When I went to see her, in Argentina, things were weird. Things were exactly like there were way back, a year ago. She could barely look me in the eye let alone have a conversation. She didn't want anything complicated by feelings. And maybe she feels guilty for leaving me, and maybe she loves me, but that doesn't help. She moved away.
You know, I'm gonna tell you something now that I've never told anyone, not even Ted. If the situation was reversed and it was me with the job offer abroad, right then, at that time, I would have turned it down to be with her. I was happy, Lil. I was in love with her. That's... rare. And precious. And I would have put that before everything.
Maybe that makes me a closet romantic. Maybe that makes me everything I hate. But Robin didn't choose me. So what's the point in telling her how I feel?
What's the point, Lil?
In B.A. I tried to find that spark in her, I really did. That spark of love, of /something/, to get back what we had. But I don't know, I think I've really killed it dead. I think it's dead for her, Lil.
B.
Lily Aldrin February 24 at 9:24pm
What's the point?
It's hard to see one, I know. I'm having trouble seeing it. But I suppose the only thing you can take from this is that you once knew what it was like to love, and to be loved in return. So many people never know that, and I believe it makes you a better person.
But sometimes it's hard to see love for what it is, to realize what a gift it is. Sometimes you throw it away, sometimes it slips away without anyone noticing. Sometimes you do just turn around one day and it's gone. Sometimes it's killed, and it's not until you see the blood on your hands that you realize what you've done.
It's not Robin's fault. It's not your fault. That's just the nature of the beast.
But you have your memories. Not nostalgia, not fantasies. What you and Robin had, what was real. No one will be able to take that away from you.
Maybe there is no point. Maybe you'll never fall in love again. Maybe it was all for nothing. But I think that love is an end in itself. It has meaning. And you had that.
Barney Stinson February 25 at 11:54am
Okay, I'm gonna stop you there because this convo is getting way too gloomy.
In the end, there's just no point in agonizing about this. It's like you said - things just end sometimes. It just happens. And I'm in pain, I've admitted it. Picking at the scar isn't going to make it heal any faster.
(speaking of... when Robin invited herself to me and Ted's Laser Tag thing on Facebook today... yes, that felt really weird.

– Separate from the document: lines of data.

(* Let $f:\mathbb R\to(-\infty,\infty]$ be convex, finite for some $\theta>0$ and infinite for all $\theta<0$. Let $\Gamma=\Gamma(f^* )$, $\vartheta=\vartheta(f)$ and $\underline\psi=\inf\Phi_f$. Then $f^\natural\equiv-\infty$ and $\vartheta=-\infty$ when $\Gamma=-\infty$. Otherwise $\vartheta\ge0$ and $f^\natural(\theta)=f(\theta)$ for $0\le\theta<\vartheta$. When $0\le\vartheta<\infty$, $f^\natural(\theta)=\theta\Gamma<f(\theta)$ for $\theta>\vartheta$, and \[f^\natural(\vartheta)=\begin{cases} f(\vartheta)\ge\mathrm{cl}\,f(\vartheta)=\vartheta\Gamma & \text{when }\vartheta=\underline\psi,\\ \vartheta\Gamma=\mathrm{cl}\,f(\vartheta)\le f(\vartheta)&\text{when }\vartheta>\underline\psi.\end{cases}\] In all cases \[\Gamma=\inf_{\theta>0}\frac{f^\natural(\theta)}{\theta}=\inf_{\theta>0}\frac{f(\theta)}{\theta}.\] When $0\le\vartheta<\infty$, $\Gamma=f(\vartheta)/\vartheta$ provided $f$ is lower semicontinuous at $\vartheta$, and when $\vartheta=\infty$, $\Gamma=\lim_{\theta\uparrow\infty}f(\theta)/\theta$.
   Context: $\Phi_f=\{\theta:f(\theta)<\infty\}$. $f^*(x)=\sup_\theta\{\theta x-f(\theta)\}$; $\Gamma(g)=\inf\{a:g(a)>0\}$. $f^\natural$ is the maximal convex function with $f^\natural\le f$ and $f^\natural(\theta)/\theta$ decreasing in $\theta\in(0,\infty)$ (identically $-\infty$ if no function satisfies these constraints); $\vartheta(f)=\sup\{\theta:f(\theta)=f^\natural(\theta)\}$ (possibly $+\infty$, and $-\infty$ if the set is empty). $\mathrm{cl}\,f$ is the closure of $f$: the lower semicontinuous convex function obtained by adjusting the values of $f$ at the end-points of the interval $\Phi_f$ so as to make it lower semicontinuous. *)

From HB Require Import structures.
From mathcomp Require Import all_boot all_order all_algebra.
From mathcomp Require Import all_classical all_reals all_analysis.
Set Implicit Arguments. Unset Strict Implicit. Unset Printing Implicit Defensive.
Import Order.TTheory GRing.Theory Num.Theory.
Import numFieldNormedType.Exports.
Local Open Scope classical_set_scope.
Local Open Scope ring_scope.
Local Open Scope ereal_scope.
(** The window
    [(A, B]] is arbitrary so that the statement survives the induction. *)
Lemma paths_window_sum k : forall i j f A B,
  in_grid i j -> deep_enough k i j -> lower f (P i j) ->
  sum_list (fun q => len (Rmax A (fst (trace_window eta q f)))
                         (Rmin B (snd (trace_window eta q f)))) (paths k i j) =
  len (Rmax A 0) (Rmin B (eta f)).
Proof.
  induction k as [|k IH]; intros i j f A B Hij Hk Hf;
    [unfold deep_enough, in_grid in *; cbn in Hk; lia|].
  assert (Hy : S0 (P i j)) by (apply rect_P; exact Hij).
  assert (Hbranch : forall i' j' ne, step (P i j) (P i' j') -> goes_NE (P i j) (P i' j') = ne ->
      (MM - i' + NN - j' = MM - i + NN - j - 1)%Z ->
      sum_list (fun q => len (Rmax A (fst (trace_window eta (P i j :: q) f)))
                             (Rmin B (snd (trace_window eta (P i j :: q) f)))) (branch k i' j') =
      len (Rmax A (w_lo (out_window eta ne (P i j) f))) (Rmin B (w_hi (out_window eta ne (P i j) f)))).
  { intros i' j' ne Hs Hne Hd.
    set (W := out_window eta ne (P i j) f). set (g := out_edge ne (P i j)).
    assert (Hg : edge_between (P i j) (P i' j') = g)
      by (unfold g; rewrite <- Hne; apply edge_between_out, Hs).
    destruct (out_window_fits S0 eta Hflow ne (P i j) f Hy Hf) as [Hfit1 Hfit2].
    rewrite (sum_list_ext_in _ (fun q =>
        len (Rmax (Rmax A (w_lo W) + w_shift W) (fst (trace_window eta q g)))
            (Rmin (Rmin B (w_hi W) + w_shift W) (snd (trace_window eta q g))))).
    - rewrite <- (len_window_fit A B (w_lo W) (w_hi W) (w_shift W) (eta g)) by assumption.
      unfold branch. destruct (in_gridb i' j') eqn:E.
      + apply in_gridb_spec in E. apply IH; auto; [unfold deep_enough in *; lia|].
        rewrite <- Hg. apply edge_between_lower, Hs.
      + cbn. lra.
    - intros q Hq. destruct (branch_head _ _ _ _ Hq) as [r ->].
      rewrite trace_window_cons, Hne, Hg. apply len_shift_window. }
  rewrite paths_S, sum_list_map, sum_list_app.
  destruct (goes_NE_P i j) as [HNE HNW].
  rewrite (Hbranch i (j + 1)%Z false), (Hbranch (i + 1)%Z j true);
    auto; try (apply step_from_P; auto); try lia.
  apply out_windows_split.
Qed.

Lemma entry_weight_sum y0 i j : In (y0, (i, j)) entries ->
  sum_list (w S0 eta) (map (cons y0) (paths depth i j)) = eta (edge_between y0 (P i j)).
Proof.
  intros Hs. apply entries_spec in Hs as (Hij & Hy0 & Hst).
  set (f := edge_between y0 (P i j)).
  assert (Hf : lower f (P i j)) by apply edge_between_lower, Hst.
  assert (Hf0 : 0 <= eta f)
    by (destruct (flow_at S0 eta Hflow (P i j)) as (? & ? & ? & ? & _);
        [apply rect_P; exact Hij | destruct Hf as [-> | ->]; auto]).
  rewrite sum_list_map.
  rewrite (sum_list_ext_in _ (fun q => len (Rmax 0 (fst (trace_window eta q f)))
                                           (Rmin (eta f) (snd (trace_window eta q f))))).
  - rewrite paths_window_sum; auto; [|apply depth_enough, Hij].
    unfold len, Rmax, Rmin. repeat destruct Rle_dec; lra.
  - intros q Hq. destruct (paths_head _ _ _ _ Hq) as [r ->].
    destruct (paths_exit _ _ _ _ Hij Hq) as (_ & Hsteps & Hin & _).
    rewrite weight_trace; auto.
    destruct (trace_window_range eta (P i j :: r) f) as [B1 B2].
    rewrite Rmax_right, Rmin_right by lra. reflexivity.
Qed.

Lemma weights_LC : sum_list (w S0 eta) LC = sum_list eta Llow.
Proof.
  unfold LC, Llow. rewrite sum_flat_map, sum_list_map.
  apply sum_list_ext_in. intros [y0 [i j]] Hs. apply entry_weight_sum, Hs.
Qed.
(* Let $(X,d)$ be a complete generalized metric space and let $T,S:X\to X$ be mappings such that $T$ is continuous, one-to-one and subsequentially convergent. Suppose there is $\lambda\in[0,\tfrac12)$ such that \[ d(TSx,TSy)\le \lambda\big[d(Tx,TSx)+d(Ty,TSy)\big] \] for all $x,y\in X$. Then $S$ has a unique fixed point. Moreover, if $T$ is sequentially convergent, then for every $x_0\in X$ the sequence of iterates $\{S^n x_0\}$ converges to this fixed point.
   Context: A generalized metric space (in the sense of Branciari) is a nonempty set $X$ with a map $d:X\times X\to\mathbb{R}$ such that: (i) $d(x,y)\ge 0$ for all $x,y\in X$, and $d(x,y)=0$ iff $x=y$; (ii) $d(x,y)=d(y,x)$ for all $x,y\in X$; (iii) (rectangular property) $d(x,y)\le d(x,w)+d(w,z)+d(z,y)$ for all $x,y\in X$ and all distinct points $w,z\in X\setminus\{x,y\}$. A sequence $\{x_n\}$ in $X$ converges to $x\in X$ if $d(x_n,x)\to 0$; it is Cauchy if $d(x_n,x_m)\to 0$ as $n,m\to\infty$; $(X,d)$ is complete if every Cauchy sequence converges. $T:X\to X$ is continuous if $x_n\to x$ implies $Tx_n\to Tx$. A mapping $T:X\to X$ is called sequentially convergent if for every sequence $\{y_n\}$ in $X$, convergence of $\{Ty_n\}$ implies convergence of $\{y_n\}$; $T$ is called subsequentially convergent if for every sequence $\{y_n\}$ in $X$, convergence of $\{Ty_n\}$ implies that $\{y_n\}$ has a convergent subsequence. *)

From Stdlib Require Import Reals.
Open Scope R_scope.

Definition is_gen_metric {X : Type} (d : X -> X -> R) : Prop :=
  (forall x y, 0 <= d x y) /\
  (forall x y, d x y = 0 <-> x = y) /\
  (forall x y, d x y = d y x) /\
  (forall x y w z, w <> z -> w <> x -> w <> y -> z <> x -> z <> y ->
     d x y <= d x w + d w z + d z y).

Definition gm_converges_to {X : Type} (d : X -> X -> R) (u : nat -> X) (x : X) : Prop :=
  Un_cv (fun n => d (u n) x) 0.

Definition gm_convergent {X : Type} (d : X -> X -> R) (u : nat -> X) : Prop :=
  exists x, gm_converges_to d u x.

Definition gm_cauchy {X : Type} (d : X -> X -> R) (u : nat -> X) : Prop :=
  forall eps, eps > 0 -> exists N, forall n m, (n >= N)%nat -> (m >= N)%nat ->
    d (u n) (u m) < eps.

Definition gm_complete {X : Type} (d : X -> X -> R) : Prop :=
  forall u, gm_cauchy d u -> gm_convergent d u.

Definition gm_continuous {X : Type} (d : X -> X -> R) (T : X -> X) : Prop :=
  forall u x, gm_converges_to d u x -> gm_converges_to d (fun n => T (u n)) (T x).

Definition seq_convergent_map {X : Type} (d : X -> X -> R) (T : X -> X) : Prop :=
  forall y : nat -> X, gm_convergent d (fun n => T (y n)) -> gm_convergent d y.

Definition subseq_convergent_map {X : Type} (d : X -> X -> R) (T : X -> X) : Prop :=
  forall y : nat -> X, gm_convergent d (fun n => T (y n)) ->
    exists phi : nat -> nat, (forall n m, (n < m)%nat -> (phi n < phi m)%nat) /\
      gm_convergent d (fun n => y (phi n)).

Fixpoint iter_map {X : Type} (S : X -> X) (n : nat) (x : X) : X :=
  match n with O => x | Datatypes.S k => S (iter_map S k x) end.

(* Let y_n = T x_n along an orbit x_{n+1} = S x_n. The contraction condition gives
   d(y_{n+1}, y_{n+2}) <= lambda/(1-lambda) d(y_n, y_{n+1}), so the steps of (y_n) decay
   geometrically and d(y_{n+1}, y_{m+1}) <= lambda (step n + step m) makes (y_n) Cauchy.
   Unless the orbit hits a fixed point, the steps strictly decrease, so (y_n) is injective;
   for such sequences the rectangular inequality through two consecutive terms replaces the
   triangle inequality.  Completeness and subsequential convergence of T yield z with
   x_{phi n} -> z, and the rectangle T z, y_m, y_{m+1}, T S z forces d(T z, T S z) = 0.
   When T is sequentially convergent, (x_n) itself converges, and the rectangle argument
   again identifies its limit with the fixed point. *)
From Stdlib Require Import Reals.
From Stdlib Require Import Lra Lia Classical.
Open Scope R_scope.

Lemma Un_cv_const (c : R) : Un_cv (fun _ => c) c.
Proof.
  intros e He; exists 0%nat; intros n _.
  unfold R_dist; rewrite Rminus_diag, Rabs_R0; lra.
Qed.

Lemma Un_cv_0_squeeze (u v : nat -> R) :
  (forall n, 0 <= u n <= v n) -> Un_cv v 0 -> Un_cv u 0.
Proof.
  intros Huv Hv e He; destruct (Hv e He) as [N HN]; exists N; intros n Hn.
  specialize (HN n Hn); specialize (Huv n); unfold R_dist in *.
  rewrite Rminus_0_r in *; rewrite Rabs_pos_eq in * by lra; lra.
Qed.

Lemma Rle_0_of_eventually_le_cv0 (c : R) (u : nat -> R) (N : nat) :
  (forall n, (n >= N)%nat -> c <= u n) -> Un_cv u 0 -> c <= 0.
Proof.
  intros Hle Hu; apply Rnot_lt_le; intro Hc.
  destruct (Hu c Hc) as [M HM].
  specialize (HM (N + M)%nat ltac:(lia)); specialize (Hle (N + M)%nat ltac:(lia)).
  unfold R_dist in HM; rewrite Rminus_0_r in HM.
  pose proof (Rle_abs (u (N + M)%nat)); lra.
Qed.

Lemma Un_cv_geometric_decay (a : nat -> R) (k : R) :
  0 <= k < 1 -> (forall n, 0 <= a n) -> (forall n, a (S n) <= k * a n) -> Un_cv a 0.
Proof.
  intros Hk Ha Hstep.
  assert (Hbound : forall n, a n <= a 0%nat * k ^ n).
  { induction n as [|n IH]; simpl; [lra|].
    apply Rle_trans with (k * a n); [apply Hstep|].
    replace (a 0%nat * (k * k ^ n)) with (k * (a 0%nat * k ^ n)) by ring.
    apply Rmult_le_compat_l; lra. }
  assert (Hpow : Un_cv (fun n => k ^ n) 0).
  { intros e He; destruct (pow_lt_1_zero k ltac:(rewrite Rabs_pos_eq; lra) e He) as [N HN].
    exists N; intros n Hn; unfold R_dist; rewrite Rminus_0_r; exact (HN n Hn). }
  apply (Un_cv_0_squeeze _ (fun n => a 0%nat * k ^ n)); [intro n; split; auto|].
  rewrite <- (Rmult_0_r (a 0%nat)).
  exact (CV_mult _ _ _ _ (Un_cv_const _) Hpow).
Qed.

Lemma strictly_increasing_ge_id (phi : nat -> nat) :
  (forall n m, (n < m)%nat -> (phi n < phi m)%nat) -> forall n, (n <= phi n)%nat.
Proof.
  intros Hphi n; induction n as [|n IH]; [lia|].
  specialize (Hphi n (S n) ltac:(lia)); lia.
Qed.

Lemma Un_cv_subseq (u : nat -> R) (phi : nat -> nat) (l : R) :
  (forall n m, (n < m)%nat -> (phi n < phi m)%nat) ->
  Un_cv u l -> Un_cv (fun n => u (phi n)) l.
Proof.
  intros Hphi Hu e He; destruct (Hu e He) as [N HN]; exists N; intros n Hn.
  apply HN; pose proof (strictly_increasing_ge_id phi Hphi n); lia.
Qed.

Lemma strictly_decreasing_injective (a : nat -> R) :
  (forall n, a (S n) < a n) -> forall m n, a m = a n -> m = n.
Proof.
  intros Hdec.
  assert (Hlt : forall m n, (m < n)%nat -> a n < a m).
  { intros m n Hmn; induction Hmn as [|n _ IH]; [apply Hdec|].
    specialize (Hdec n); lra. }
  intros m n E; destruct (Nat.lt_trichotomy m n) as [H|[H|H]]; auto;
    apply Hlt in H; lra.
Qed.

Lemma injective_seq_eventually_neq {A : Type} (y : nat -> A) (p : A) :
  (forall m n, y m = y n -> m = n) -> exists N, forall n, (n >= N)%nat -> y n <> p.
Proof.
  intros Hinj; destruct (classic (exists j, y j = p)) as [[j Hj]|Hnone].
  - exists (S j); intros n Hn E; assert (n = j) by (apply Hinj; congruence); lia.
  - exists 0%nat; intros n _ E; apply Hnone; eauto.
Qed.

Section GeneralizedMetric.

Context {X : Type} {d : X -> X -> R}.
Hypothesis Hd : is_gen_metric d.

Lemma gm_dist_ge0 (x y : X) : 0 <= d x y.
Proof. apply Hd. Qed.

Lemma gm_dist_refl (x : X) : d x x = 0.
Proof. apply Hd; reflexivity. Qed.

Lemma gm_dist_sym (x y : X) : d x y = d y x.
Proof. apply Hd. Qed.

Lemma gm_eq_of_dist_le0 (x y : X) : d x y <= 0 -> x = y.
Proof. intro H; apply Hd; pose proof (gm_dist_ge0 x y); lra. Qed.

Lemma gm_rectangle_eventually (y : nat -> X) (p q : X) :
  (forall m n, y m = y n -> m = n) ->
  exists N, forall n, (n >= N)%nat ->
    d p q <= d (y n) p + d (y n) (y (S n)) + d (y (S n)) q.
Proof.
  intros Hinj.
  destruct (injective_seq_eventually_neq y p Hinj) as [Np HNp].
  destruct (injective_seq_eventually_neq y q Hinj) as [Nq HNq].
  exists (Nat.max Np Nq); intros n Hn.
  rewrite (gm_dist_sym (y n) p).
  destruct Hd as (_ & _ & _ & Hrect); apply Hrect.
  - intro E; apply Hinj in E; lia.
  - apply HNp; lia.
  - apply HNq; lia.
  - apply HNp; lia.
  - apply HNq; lia.
Qed.

Lemma gm_limit_unique (y : nat -> X) (p q : X) :
  (forall m n, y m = y n -> m = n) -> Un_cv (fun n => d (y n) (y (S n))) 0 ->
  gm_converges_to d y p -> gm_converges_to d y q -> p = q.
Proof.
  intros Hinj Hstep Hp Hq; apply gm_eq_of_dist_le0.
  destruct (gm_rectangle_eventually y p q Hinj) as [N HN].
  apply (Rle_0_of_eventually_le_cv0 _ _ N HN).
  replace 0 with (0 + 0 + 0) by ring.
  apply CV_plus; [apply CV_plus; assumption|].
  exact (Un_cv_subseq _ S _ ltac:(intros; lia) Hq).
Qed.

End GeneralizedMetric.

Section Orbit.

Context {X : Type} {d : X -> X -> R} {T F : X -> X} {lambda : R}.
Hypothesis Hd : is_gen_metric d.
Hypothesis HTinj : forall x y, T x = T y -> x = y.
Hypothesis Hlambda : 0 <= lambda < 1/2.
Hypothesis Hcontr :
  forall x y, d (T (F x)) (T (F y)) <= lambda * (d (T x) (T (F x)) + d (T y) (T (F y))).

Lemma fixed_point_unique (z w : X) : F z = z -> F w = w -> z = w.
Proof.
  intros Hz Hw; apply HTinj, (gm_eq_of_dist_le0 Hd).
  pose proof (Hcontr z w) as H; rewrite Hz, Hw, !(gm_dist_refl Hd) in H; lra.
Qed.

Lemma contraction_ratio_bounds : 0 <= lambda / (1 - lambda) < 1.
Proof.
  split; [apply Rmult_le_pos; [lra|apply Rlt_le, Rinv_0_lt_compat; lra]|].
  apply (Rmult_lt_reg_l (1 - lambda)); [lra|]; field_simplify; lra.
Qed.

Variable x0 : X.
Let orbit n := iter_map F n x0.
Let step n := d (T (orbit n)) (T (orbit (S n))).

Lemma orbit_succ (n : nat) : orbit (S n) = F (orbit n).
Proof. reflexivity. Qed.

Lemma orbit_step_contract (n : nat) : step (S n) <= lambda / (1 - lambda) * step n.
Proof.
  pose proof (Hcontr (orbit n) (orbit (S n))) as H.
  apply (Rmult_le_reg_l (1 - lambda)); [lra|].
  replace ((1 - lambda) * (lambda / (1 - lambda) * step n)) with (lambda * step n)
    by (field; lra).
  unfold step; rewrite !orbit_succ in *; lra.
Qed.

Lemma orbit_step_cv0 : Un_cv step 0.
Proof.
  apply (Un_cv_geometric_decay _ _ contraction_ratio_bounds).
  - intro n; apply (gm_dist_ge0 Hd).
  - exact orbit_step_contract.
Qed.

Lemma orbit_T_cauchy : gm_cauchy d (fun n => T (orbit n)).
Proof.
  intros e He; destruct (orbit_step_cv0 e He) as [N HN]; exists (S N).
  intros [|n] [|m] Hn Hm; try lia.
  pose proof (Hcontr (orbit n) (orbit m)) as H.
  pose proof (HN n ltac:(lia)) as Hn'; pose proof (HN m ltac:(lia)) as Hm'.
  unfold R_dist, step in *; rewrite Rminus_0_r, Rabs_pos_eq in Hn', Hm'
    by apply (gm_dist_ge0 Hd).
  rewrite !orbit_succ in *; nra.
Qed.

Lemma orbit_fixed_or_T_injective :
  (exists m, F (orbit m) = orbit m) \/ (forall m n, T (orbit m) = T (orbit n) -> m = n).
Proof.
  destruct (classic (exists m, step m = 0)) as [[m Hm]|Hnz].
  { left; exists m; apply HTinj; symmetry; apply Hd, Hm. }
  right.
  assert (Hpos : forall n, 0 < step n).
  { intro n; destruct (gm_dist_ge0 Hd (T (orbit n)) (T (orbit (S n)))) as [H|H];
      [exact H|exfalso; apply Hnz; eauto]. }
  pose proof contraction_ratio_bounds as Hk.
  assert (Hdec : forall n, step (S n) < step n).
  { intro n; pose proof (orbit_step_contract n); pose proof (Hpos n); nra. }
  intros m n E; apply (strictly_decreasing_injective step Hdec).
  apply HTinj in E; unfold step; rewrite !orbit_succ, E; reflexivity.
Qed.

(* In a Branciari space a convergent subsequence does not control the whole sequence;
   the rectangle through y_m, y_{m+1} with m = phi n does the job instead. *)
Lemma orbit_subseq_limit_fixed (phi : nat -> nat) (z : X) :
  gm_continuous d T -> (forall m n, T (orbit m) = T (orbit n) -> m = n) ->
  (forall n m, (n < m)%nat -> (phi n < phi m)%nat) ->
  gm_converges_to d (fun n => orbit (phi n)) z -> F z = z.
Proof.
  intros HTcont Hinj Hphi Hz.
  set (D := d (T z) (T (F z))).
  destruct (gm_rectangle_eventually Hd _ (T z) (T (F z)) Hinj) as [N HN].
  assert (Hbound : forall m, (m >= N)%nat ->
    (1 - lambda) * D <= d (T (orbit m)) (T z) + (1 + lambda) * step m).
  { intros m Hm; specialize (HN m Hm); pose proof (Hcontr (orbit m) z) as H.
    unfold step, D in *; rewrite !orbit_succ in *; lra. }
  assert (Hlim : Un_cv (fun n => d (T (orbit (phi n))) (T z) + (1 + lambda) * step (phi n)) 0).
  { replace 0 with (0 + (1 + lambda) * 0) by ring.
    apply CV_plus; [exact (HTcont _ _ Hz)|].
    apply CV_mult; [apply Un_cv_const|exact (Un_cv_subseq _ _ _ Hphi orbit_step_cv0)]. }
  assert (HD : (1 - lambda) * D <= 0).
  { refine (Rle_0_of_eventually_le_cv0 _ _ N _ Hlim).
    intros n Hn; apply Hbound; pose proof (strictly_increasing_ge_id phi Hphi n); lia. }
  symmetry; apply HTinj, (gm_eq_of_dist_le0 Hd).
  pose proof (gm_dist_ge0 Hd (T z) (T (F z))); fold D; nra.
Qed.

Lemma orbit_T_cv_fixed (z : X) : F z = z -> gm_converges_to d (fun n => T (orbit n)) (T z).
Proof.
  intro Hz; apply (CV_shift _ 1).
  apply (Un_cv_0_squeeze _ (fun n => lambda * step n)).
  - intro n; rewrite Nat.add_1_r; split; [apply (gm_dist_ge0 Hd)|].
    pose proof (Hcontr (orbit n) z) as H; rewrite Hz, (gm_dist_refl Hd) in H.
    unfold step; rewrite !orbit_succ; lra.
  - rewrite <- (Rmult_0_r lambda); apply CV_mult; [apply Un_cv_const|exact orbit_step_cv0].
Qed.

Lemma orbit_cv_stationary (m : nat) :
  F (orbit m) = orbit m -> gm_converges_to d orbit (orbit m).
Proof.
  intro Hfix.
  assert (Hconst : forall n, orbit (n + m) = orbit m).
  { induction n as [|n IH]; [reflexivity|].
    change (F (orbit (n + m)) = orbit m); rewrite IH; exact Hfix. }
  apply (CV_shift _ m); intros e He; exists 0%nat; intros n _.
  rewrite Hconst, (gm_dist_refl Hd); unfold R_dist; rewrite Rminus_0_r, Rabs_R0; exact He.
Qed.

Lemma fixed_point_exists :
  gm_complete d -> gm_continuous d T -> subseq_convergent_map d T -> exists z, F z = z.
Proof.
  intros Hcomplete HTcont HTsub.
  destruct orbit_fixed_or_T_injective as [[m Hm]|Hinj]; [eauto|].
  destruct (HTsub _ (Hcomplete _ orbit_T_cauchy)) as [phi [Hphi [z Hz]]].
  exists z; exact (orbit_subseq_limit_fixed phi z HTcont Hinj Hphi Hz).
Qed.

Lemma orbit_cv_fixed_point (z : X) :
  gm_continuous d T -> seq_convergent_map d T -> F z = z -> gm_converges_to d orbit z.
Proof.
  intros HTcont HTseq Hz.
  destruct orbit_fixed_or_T_injective as [[m Hm]|Hinj].
  { rewrite <- (fixed_point_unique _ _ Hm Hz); exact (orbit_cv_stationary m Hm). }
  pose proof (orbit_T_cv_fixed z Hz) as HTz.
  destruct (HTseq _ (ex_intro _ _ HTz)) as [w Hw].
  assert (Hwz : T w = T z)
    by exact (gm_limit_unique Hd _ _ _ Hinj orbit_step_cv0 (HTcont _ _ Hw) HTz).
  apply HTinj in Hwz; subst w; exact Hw.
Qed.

End Orbit.

Theorem theorem2p4 (X : Type) (d : X -> X -> R) (T S : X -> X) (lambda : R) :
  inhabited X -> is_gen_metric d -> gm_complete d ->
  gm_continuous d T -> (forall x y, T x = T y -> x = y) ->
  subseq_convergent_map d T ->
  0 <= lambda -> lambda < 1/2 ->
  (forall x y, d (T (S x)) (T (S y)) <= lambda * (d (T x) (T (S x)) + d (T y) (T (S y)))) ->
  (exists! z, S z = z) /\
  (seq_convergent_map d T ->
     forall z, S z = z -> forall x0, gm_converges_to d (fun n => iter_map S n x0) z).
Proof.
  intros [x0] Hd Hcomplete HTcont HTinj HTsub Hl0 Hl1 Hcontr.
  assert (Hl : 0 <= lambda < 1/2) by lra.
  split.
  - destruct (fixed_point_exists Hd HTinj Hl Hcontr x0 Hcomplete HTcont HTsub) as [z Hz].
    exists z; split; [exact Hz|].
    intros w Hw; exact (fixed_point_unique Hd HTinj Hcontr z w Hz Hw).
  - intros HTseq z Hz x1.
    exact (orbit_cv_fixed_point Hd HTinj Hl Hcontr x1 z HTcont HTseq Hz).
Qed.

But I'm not gonna jump down her throat)
I'm not saying I haven't learned anything from being with Robin. But I'm not sure how to talk to a woman without at least trying to hit on her. And bimbos be the path of least resistance, brah. I guess all my plays are way to sleazy for smart girls to take me seriously.
B.
Lily Aldrin February 25 at 8:04pm
Maybe you could just try being yourself?
Barney Stinson February 25 at 8:10pm
And exactly how do I do that?
Lily Aldrin February 25 at 8:13pm
Um... just be yourself?
There's not exactly much to the concept other than that.
Barney Stinson February 25 at 8:15pm
Hehehe. That's funny.
But seriously. How does that work?
Lily Aldrin February 26 at 8:54am
You just treat them like you don't want anything out of them, other than to spend time with them. Like how you treat me (only you might want to cut down on the boob comments). See how it goes.
Barney Stinson February 26 at 8:58am
See this is where Scherbatsky drove me crazy during our dating thing. I /always/ want something out of a chick! Why would I be with her if I wasn't interested in eventually nailing her? I always have an agenda. All guys always have an agenda. And you think chicks don't know that? I bet it's what keeps them interested in talking to guys.
I don't need another lady Bro, Lil. I've already got plenty of lady friends that I can't have sex with for various reasons. Don't want any more.
To be honest, I don't even know what I do want.